### The task
Among the records below, find the line that has "Section PuiseuxDegree."; from there, give the lines again exactly, and stop after the line that has "Proof. by move=> [phid0 _]; apply. Qed.".

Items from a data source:
________________

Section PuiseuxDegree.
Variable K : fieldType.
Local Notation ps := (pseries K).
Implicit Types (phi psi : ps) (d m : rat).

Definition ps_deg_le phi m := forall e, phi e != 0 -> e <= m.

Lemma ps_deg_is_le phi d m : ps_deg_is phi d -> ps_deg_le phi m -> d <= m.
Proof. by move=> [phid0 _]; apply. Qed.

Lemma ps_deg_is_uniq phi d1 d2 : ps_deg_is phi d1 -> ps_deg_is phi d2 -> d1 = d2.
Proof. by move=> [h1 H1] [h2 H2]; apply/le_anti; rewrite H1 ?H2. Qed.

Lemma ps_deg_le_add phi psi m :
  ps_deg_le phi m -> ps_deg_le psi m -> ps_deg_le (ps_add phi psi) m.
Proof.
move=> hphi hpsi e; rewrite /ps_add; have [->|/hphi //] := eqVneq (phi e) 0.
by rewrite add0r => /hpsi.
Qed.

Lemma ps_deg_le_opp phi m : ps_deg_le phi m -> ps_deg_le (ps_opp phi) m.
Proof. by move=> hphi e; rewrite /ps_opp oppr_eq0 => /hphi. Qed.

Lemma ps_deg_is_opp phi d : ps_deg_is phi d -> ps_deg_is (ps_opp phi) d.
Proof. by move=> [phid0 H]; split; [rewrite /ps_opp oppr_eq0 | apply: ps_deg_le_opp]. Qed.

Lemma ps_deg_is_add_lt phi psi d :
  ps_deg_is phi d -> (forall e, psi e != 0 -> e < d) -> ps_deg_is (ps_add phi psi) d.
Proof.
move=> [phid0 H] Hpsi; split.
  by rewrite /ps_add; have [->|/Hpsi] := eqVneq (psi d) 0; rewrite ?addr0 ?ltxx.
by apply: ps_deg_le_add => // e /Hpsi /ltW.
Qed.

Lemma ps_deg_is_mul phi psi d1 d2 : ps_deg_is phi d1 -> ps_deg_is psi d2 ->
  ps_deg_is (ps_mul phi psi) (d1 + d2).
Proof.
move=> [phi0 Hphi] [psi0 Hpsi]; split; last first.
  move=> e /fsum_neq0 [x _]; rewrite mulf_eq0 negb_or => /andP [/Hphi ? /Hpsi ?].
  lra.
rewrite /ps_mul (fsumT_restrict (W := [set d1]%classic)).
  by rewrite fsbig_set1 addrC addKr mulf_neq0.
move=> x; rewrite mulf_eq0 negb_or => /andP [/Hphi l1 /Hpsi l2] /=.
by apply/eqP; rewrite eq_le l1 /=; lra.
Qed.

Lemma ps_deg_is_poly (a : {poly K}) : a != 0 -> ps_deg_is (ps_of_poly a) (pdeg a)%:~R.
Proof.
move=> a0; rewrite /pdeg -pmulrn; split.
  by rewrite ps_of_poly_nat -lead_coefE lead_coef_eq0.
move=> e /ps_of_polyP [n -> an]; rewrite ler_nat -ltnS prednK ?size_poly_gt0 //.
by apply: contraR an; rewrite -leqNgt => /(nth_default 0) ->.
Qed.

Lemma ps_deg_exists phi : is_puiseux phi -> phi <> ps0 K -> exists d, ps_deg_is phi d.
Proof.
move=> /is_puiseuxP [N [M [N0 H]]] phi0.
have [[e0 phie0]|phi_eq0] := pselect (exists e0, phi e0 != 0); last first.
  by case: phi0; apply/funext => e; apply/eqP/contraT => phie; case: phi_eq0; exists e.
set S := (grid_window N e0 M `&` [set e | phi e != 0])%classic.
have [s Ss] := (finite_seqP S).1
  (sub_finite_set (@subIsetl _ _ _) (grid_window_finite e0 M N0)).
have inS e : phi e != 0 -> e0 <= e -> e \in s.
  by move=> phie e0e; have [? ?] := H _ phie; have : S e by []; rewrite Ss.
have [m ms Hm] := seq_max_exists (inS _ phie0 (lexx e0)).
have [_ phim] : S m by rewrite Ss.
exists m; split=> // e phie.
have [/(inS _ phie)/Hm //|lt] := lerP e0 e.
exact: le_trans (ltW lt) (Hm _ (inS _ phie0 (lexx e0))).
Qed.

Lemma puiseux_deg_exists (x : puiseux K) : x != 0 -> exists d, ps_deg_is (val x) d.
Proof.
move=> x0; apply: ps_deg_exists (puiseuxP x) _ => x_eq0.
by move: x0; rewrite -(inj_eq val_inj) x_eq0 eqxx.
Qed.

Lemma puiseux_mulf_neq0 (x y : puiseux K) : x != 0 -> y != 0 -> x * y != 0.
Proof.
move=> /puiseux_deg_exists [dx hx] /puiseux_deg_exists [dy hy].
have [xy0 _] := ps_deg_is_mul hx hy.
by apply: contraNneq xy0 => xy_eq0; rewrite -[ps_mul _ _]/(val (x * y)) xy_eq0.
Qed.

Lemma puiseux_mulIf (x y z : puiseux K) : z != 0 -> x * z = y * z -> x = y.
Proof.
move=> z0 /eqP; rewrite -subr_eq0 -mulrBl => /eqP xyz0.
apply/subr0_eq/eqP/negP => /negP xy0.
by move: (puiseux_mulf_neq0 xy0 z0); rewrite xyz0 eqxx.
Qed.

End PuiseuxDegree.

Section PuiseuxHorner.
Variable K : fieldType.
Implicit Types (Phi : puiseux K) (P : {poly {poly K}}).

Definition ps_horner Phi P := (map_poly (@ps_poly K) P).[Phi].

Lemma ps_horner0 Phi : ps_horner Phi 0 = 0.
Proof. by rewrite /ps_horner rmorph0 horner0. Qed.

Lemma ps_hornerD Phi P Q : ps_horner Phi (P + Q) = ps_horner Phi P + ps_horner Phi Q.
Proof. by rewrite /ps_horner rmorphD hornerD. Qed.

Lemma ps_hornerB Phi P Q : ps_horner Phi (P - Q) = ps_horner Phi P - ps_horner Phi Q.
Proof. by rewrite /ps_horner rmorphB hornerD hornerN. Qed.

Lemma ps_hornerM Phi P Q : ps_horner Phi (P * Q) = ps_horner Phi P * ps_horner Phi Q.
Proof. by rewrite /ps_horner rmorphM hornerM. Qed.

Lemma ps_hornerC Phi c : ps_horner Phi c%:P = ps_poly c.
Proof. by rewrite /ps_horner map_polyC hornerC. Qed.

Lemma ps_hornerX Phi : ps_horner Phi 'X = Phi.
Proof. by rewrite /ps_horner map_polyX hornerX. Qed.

________________

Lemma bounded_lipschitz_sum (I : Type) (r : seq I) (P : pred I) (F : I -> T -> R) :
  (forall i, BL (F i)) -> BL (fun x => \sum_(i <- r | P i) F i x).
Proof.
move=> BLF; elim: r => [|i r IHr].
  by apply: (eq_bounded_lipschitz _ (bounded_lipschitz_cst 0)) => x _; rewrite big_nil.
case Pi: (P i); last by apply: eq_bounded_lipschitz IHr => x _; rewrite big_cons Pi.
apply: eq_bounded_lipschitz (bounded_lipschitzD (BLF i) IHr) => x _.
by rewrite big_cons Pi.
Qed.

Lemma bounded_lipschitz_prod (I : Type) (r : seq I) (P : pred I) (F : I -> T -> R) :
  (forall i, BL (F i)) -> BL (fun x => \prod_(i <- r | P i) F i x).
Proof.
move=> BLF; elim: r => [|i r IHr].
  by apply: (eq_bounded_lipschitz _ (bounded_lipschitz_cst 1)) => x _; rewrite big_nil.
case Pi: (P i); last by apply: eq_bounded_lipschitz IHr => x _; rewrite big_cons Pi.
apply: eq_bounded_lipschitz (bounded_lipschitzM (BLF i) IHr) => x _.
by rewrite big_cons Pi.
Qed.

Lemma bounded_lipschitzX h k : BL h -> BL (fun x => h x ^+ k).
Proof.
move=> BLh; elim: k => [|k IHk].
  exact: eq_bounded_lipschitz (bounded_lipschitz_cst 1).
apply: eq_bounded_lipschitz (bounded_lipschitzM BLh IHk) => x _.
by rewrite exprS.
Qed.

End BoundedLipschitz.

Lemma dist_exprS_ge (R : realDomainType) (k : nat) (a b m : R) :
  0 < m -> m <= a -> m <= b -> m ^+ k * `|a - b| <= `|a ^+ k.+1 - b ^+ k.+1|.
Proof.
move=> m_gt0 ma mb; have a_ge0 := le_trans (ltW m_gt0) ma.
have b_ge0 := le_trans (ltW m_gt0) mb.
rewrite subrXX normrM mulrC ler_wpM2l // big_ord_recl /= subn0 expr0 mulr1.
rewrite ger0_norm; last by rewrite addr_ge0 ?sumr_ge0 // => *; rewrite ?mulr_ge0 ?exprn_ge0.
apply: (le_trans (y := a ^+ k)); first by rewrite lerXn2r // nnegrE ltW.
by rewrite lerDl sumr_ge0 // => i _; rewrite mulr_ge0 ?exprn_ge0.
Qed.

________________

### Solved problem
Section PuiseuxDegree.
Variable K : fieldType.
Local Notation ps := (pseries K).
Implicit Types (phi psi : ps) (d m : rat).

Definition ps_deg_le phi m := forall e, phi e != 0 -> e <= m.

Lemma ps_deg_is_le phi d m : ps_deg_is phi d -> ps_deg_le phi m -> d <= m.
Proof. by move=> [phid0 _]; apply. Qed.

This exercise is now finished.